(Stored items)
────

Lemma coefXY_root_step j : (j <= n)%N -> (forall i k, (i < j)%N -> (Q`_k).[c i] = 0) ->
  forall k, (Q`_k).[c j] = 0.
Proof.
move=> le_j Q_c k.
have Qc0 : map_poly (horner_eval (c j)) Q = 0.
  apply: (@roots_geq_poly_eq0 _ _ [seq y j p | p <- iota 0 (n - j).+1]).
  - apply/allP => _ /mapP[p + ->]; rewrite mem_iota => p_lt.
    by rewrite /root -horner2_map Q_root //; lia.
  - rewrite map_inj_in_uniq ?iota_uniq // => p p'.
    by rewrite !mem_iota => ? ?; apply: y_inj; lia.
  rewrite size_map size_iota; apply/leq_sizeP => k' le_k'.
  rewrite coef_map_id0 ?horner_evalE ?horner0 //.
  by rewrite (coefXY_eq0 (leqW le_j) Q_c) ?horner0 //; lia.
by rewrite -horner_evalE -(coef_map_id0 _ _ (horner0 (c j))) Qc0 coef0.
Qed.

Lemma staircase_root_eq0 : Q = 0.
Proof.
have Q_c j : (j <= n.+1)%N -> forall i k, (i < j)%N -> (Q`_k).[c i] = 0.
  elim: j => [//|j IHj] le_j i k; rewrite ltnS leq_eqVlt => /orP[/eqP -> | lt_ij].
    exact: coefXY_root_step le_j (IHj (ltnW le_j)) k.
  exact: IHj (ltnW le_j) i k lt_ij.
by apply/polyP => k; rewrite coef0 (coefXY_eq0 (leqnn _) (Q_c _ (leqnn _))) //; lia.
Qed.

End StaircaseVanishing.

Lemma natr_ffact (R : nzRingType) m a : (m ^_ a)%:R = \prod_(i < a) (m%:R - i%:R) :> R.
Proof.
elim: a => [|a IHa]; first by rewrite ffactn0 big_ord0.
rewrite big_ord_recr /= -IHa ffactnSr natrM.
by case: (leqP a m) => [le_am | lt_ma]; [rewrite natrB | rewrite ffact_small // mulr0n !mul0r].
Qed.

────

__TASK STATEMENT__. Where a line of the records above holds the word "have", copy that line.

__TASK OUTPUT__.
have Qc0 : map_poly (horner_eval (c j)) Q = 0.
have Q_c j : (j <= n.+1)%N -> forall i k, (i < j)%N -> (Q`_k).[c i] = 0.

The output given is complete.